OK, I’ve made “postdoc” into a verb. Sorry about that, but the question remains “does one need to do one?” The key to considering a postdoc as an optional first step rather than a logical or expected first step is in deciding what your long term goals are before you decide on a postdoc. I’m reminded of a cartoon of an urban “prophet” dressed in a white robe and carrying a sign that says “the end is near.” A man in a business suit is asking him “yes, but what are your goals?” I can’t insert it here because it’s ©, and I don’t have permission.
What do you gain by doing a postdoc? It seems to me there are three major benefits – learning new ways to define and answer (research) problems, getting more publications, and getting to know more people (ie, making your network bigger). Many people, I’m not sure if it’s a majority, get postdocs in the labs of friends or collaborators of their mentors. It may be best to look “outside the box.” All three benefits are important in career development; but, for staying in academia, getting more publications is essential. That may make it easier to answer the question.
Before I attempt an answer, let me digress a bit here. If you are decided on research and teaching at a 4-year university, medical school, or doing government research, a postdoc may be needed because your first applications may not have been successful or because the people you will be working with are using postdoc experience as a means of reducing the supply:demand ratio.
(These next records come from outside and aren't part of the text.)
Lemma Vcv_analytic (rho : R) (a : CC -> V4) : Rlt 0 rho -> analytic_V4 rho a ->
  Vcv (fun q => a (tseq rho q)) (a C0).
Proof.
  move=> Hrho [HX [HY [HZ HW]]]; split; [exact: analytic_cv _ _ Hrho HX | exact: analytic_cv _ _ Hrho HY
  | exact: analytic_cv _ _ Hrho HZ | exact: analytic_cv _ _ Hrho HW].
Qed.

End Degeneration.

Theorem lemma4p1
  (rho : R) (Hrho : 0 < rho)
  (u1 u2 : V4) (Hl : indep2 u1 u2)
  (a b : CC -> V4) (Ha : analytic_V4 rho a) (Hb : analytic_V4 rho b)
  (Hr : forall t, Cmod t < rho -> indep2 (a t) (b t))
  (Hskew : forall t, Cmod t < rho -> t <> C0 -> indep4 u1 u2 (a t) (b t))
  (p : V4) (Hp : meet_at u1 u2 (a C0) (b C0) p)
  (m n : nat) (Hm : (0 < m)%nat) (Hn : (0 < n)%nat)
  (d : nat) (F : nat -> nat -> nat -> nat -> CC -> CC)
  (HFan : forall i j k l, analytic_on rho (F i j k l))
  (HFsurf : forall t, Cmod t < rho -> is_nonzero_poly d (fun i j k l => F i j k l t))
  (HFmult : forall t, Cmod t < rho -> t <> C0 ->
      mult_along d (fun i j k l => F i j k l t) m u1 u2 /\
      mult_along d (fun i j k l => F i j k l t) n (a t) (b t)) :
  mult_along d (fun i j k l => F i j k l C0) m u1 u2 /\
  mult_along d (fun i j k l => F i j k l C0) n (a C0) (b C0) /\
  mult_ge d (fun i j k l => F i j k l C0) (m + n) p.
Proof.
  pose (t := tseq rho).
  assert (Ht : forall q, Cmod (t q) < rho /\ t q <> C0).
  { intros q. split; [apply tseq_in_disk | apply tseq_neq0]; exact Hrho. }
  assert (Hcs : forall i j k l, Ccv (fun q => F i j k l (t q)) (F i j k l C0)).
  { intros i j k l. apply analytic_cv; auto. }
  pose proof (Degeneration.Vcv_analytic Hrho Ha) as Haq.
  pose proof (Degeneration.Vcv_analytic Hrho Hb) as Hbq.
  assert (Hab0 : indep2 (a C0) (b C0)).
  { apply Hr. unfold C0. rewrite Cmod_real; lra. }
  assert (Hmult_l : forall q, mult_along d (fun i j k l => F i j k l (t q)) m u1 u2).
  { intros q. apply (HFmult (t q)); apply Ht. }
  assert (Hmult_r : forall q, mult_along d (fun i j k l => F i j k l (t q)) n (a (t q)) (b (t q))).
  { intros q. apply (HFmult (t q)); apply Ht. }
  assert (Hskew_q : forall q, indep4 u1 u2 (a (t q)) (b (t q))).
  { intros q. apply Hskew; apply Ht. }
  split; [|split].
  - exact (Degeneration.limit_mult_l Hcs Hmult_l).
  - exact (Degeneration.limit_mult_r Hcs Haq Hbq Hmult_r).
  - exact (Degeneration.limit_mult_p Hcs Haq Hbq Hl Hab0 Hskew_q Hp Hmult_l Hmult_r).
Qed.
An exception? Yes – if you are set more firmly on teaching than on research, explore the opportunities at 2-year or community colleges granting associate degrees. They are full of eager students who will be moving on to finish their final years of bachelor’s study at a 4-year school.
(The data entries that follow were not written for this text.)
Lemma uinv_nil x : uinv x [] = 1.
Proof.
  pose proof (f_equal (fun f => f []) (uinv_r x)) as H. cbn beta in H.
  rewrite smul_nil, unit1_nil, Z.mul_1_l in H. exact H.
Qed.

Lemma smul_uinv_l x r : smul (uinv x) (smul (proj1_sig x) r) = r.
Proof. rewrite <- smul_assoc, uinv_l, smul_one_l. reflexivity. Qed.

Lemma smul_uinv_r x r : smul (proj1_sig x) (smul (uinv x) r) = r.
Proof. rewrite <- smul_assoc, uinv_r, smul_one_l. reflexivity. Qed.

Lemma uinv_unique x q : smul (proj1_sig x) q = one -> uinv x = q.
Proof.
  intros H. rewrite <- (smul_one_r (uinv x)), <- H, <- smul_assoc, uinv_l, smul_one_l.
  reflexivity.
Qed.

Lemma unit1_one : unit1 one.
Proof. split; [reflexivity|]. exists one. split; apply smul_one_l. Qed.

Lemma unit1_smul p q : unit1 p -> unit1 q -> unit1 (smul p q).
Proof.
  intros [Hp [p' [Hp1 Hp2]]] [Hq [q' [Hq1 Hq2]]]. split.
  - rewrite smul_nil, Hp, Hq. reflexivity.
  - exists (smul q' p'). split.
    + rewrite smul_assoc, <- (smul_assoc q), Hq1, smul_one_l. exact Hp1.
    + rewrite smul_assoc, <- (smul_assoc p'), Hp2, smul_one_l. exact Hq2.
Qed.

Lemma unit1_uinv x : unit1 (uinv x).
Proof. split; [apply uinv_nil|]. exists (proj1_sig x). split; [apply uinv_l|apply uinv_r]. Qed.

Lemma unit1_series_eq x y : proj1_sig x = proj1_sig y -> x = y.
Proof. destruct x, y; cbn; intros ->. f_equal. apply proof_irrelevance. Qed.

Definition conj_op x y : unit1_series :=
  exist _ (smul (smul (uinv y) (proj1_sig x)) (proj1_sig y))
    (unit1_smul _ _ (unit1_smul _ _ (unit1_uinv y) (proj2_sig x)) (proj2_sig y)).

Lemma uinv_conj_op y z : uinv (conj_op y z) = smul (smul (uinv z) (uinv y)) (proj1_sig z).
Proof.
  apply uinv_unique. cbn. rewrite !smul_assoc, !smul_uinv_r. apply uinv_l.
Qed.

Lemma conj_op_idem x : conj_op x x = x.
Proof. apply unit1_series_eq. cbn. rewrite uinv_l, smul_one_l. reflexivity. Qed.

Lemma conj_op_rdiv x y : exists! z, x = conj_op z y.
Proof.
  exists (exist _ (smul (smul (proj1_sig y) (proj1_sig x)) (uinv y))
       (unit1_smul _ _ (unit1_smul _ _ (proj2_sig y) (proj2_sig x)) (unit1_uinv y))).
  split.
  - apply unit1_series_eq. cbn. rewrite !smul_assoc, smul_uinv_l, uinv_l, smul_one_r.
    reflexivity.
  - intros z ->. apply unit1_series_eq. cbn.
    rewrite !smul_assoc, smul_uinv_r, uinv_r, smul_one_r. reflexivity.
Qed.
Begin exploring the many non-academic options. Science PhDs have transferable problem-solving and analytical skills that will catch the eye of corporate Human Resource managers and potential team leaders (ie, department heads), in fields even remotely related to their research. They are looking for smart people with backgrounds and experience that corresponds to a job description – where the postdoc “ingredient” is not often included in the “recipe” for success.
Do a little investigation of your own. Look at the backgrounds of the Bio Careers bloggers and see where they are now. When you’ve seen some non-academic options that are interesting, visit some corporate and other non-academic internet sites. Click on the button that lists the employment opportunities to see what the requirements are. Visit LinkedIn and search companies, institutions, and professions to find the profiles of people who have professions of interest to you. Do they list postdocs among their experiences or in their own profiles?
Have you answered the question – yes, no, optional or required? Think about it this way – a postdoc is almost by definition a “stopover” on the way to another destination. You might do well to look for a “direct flight” that arrives a bit sooner.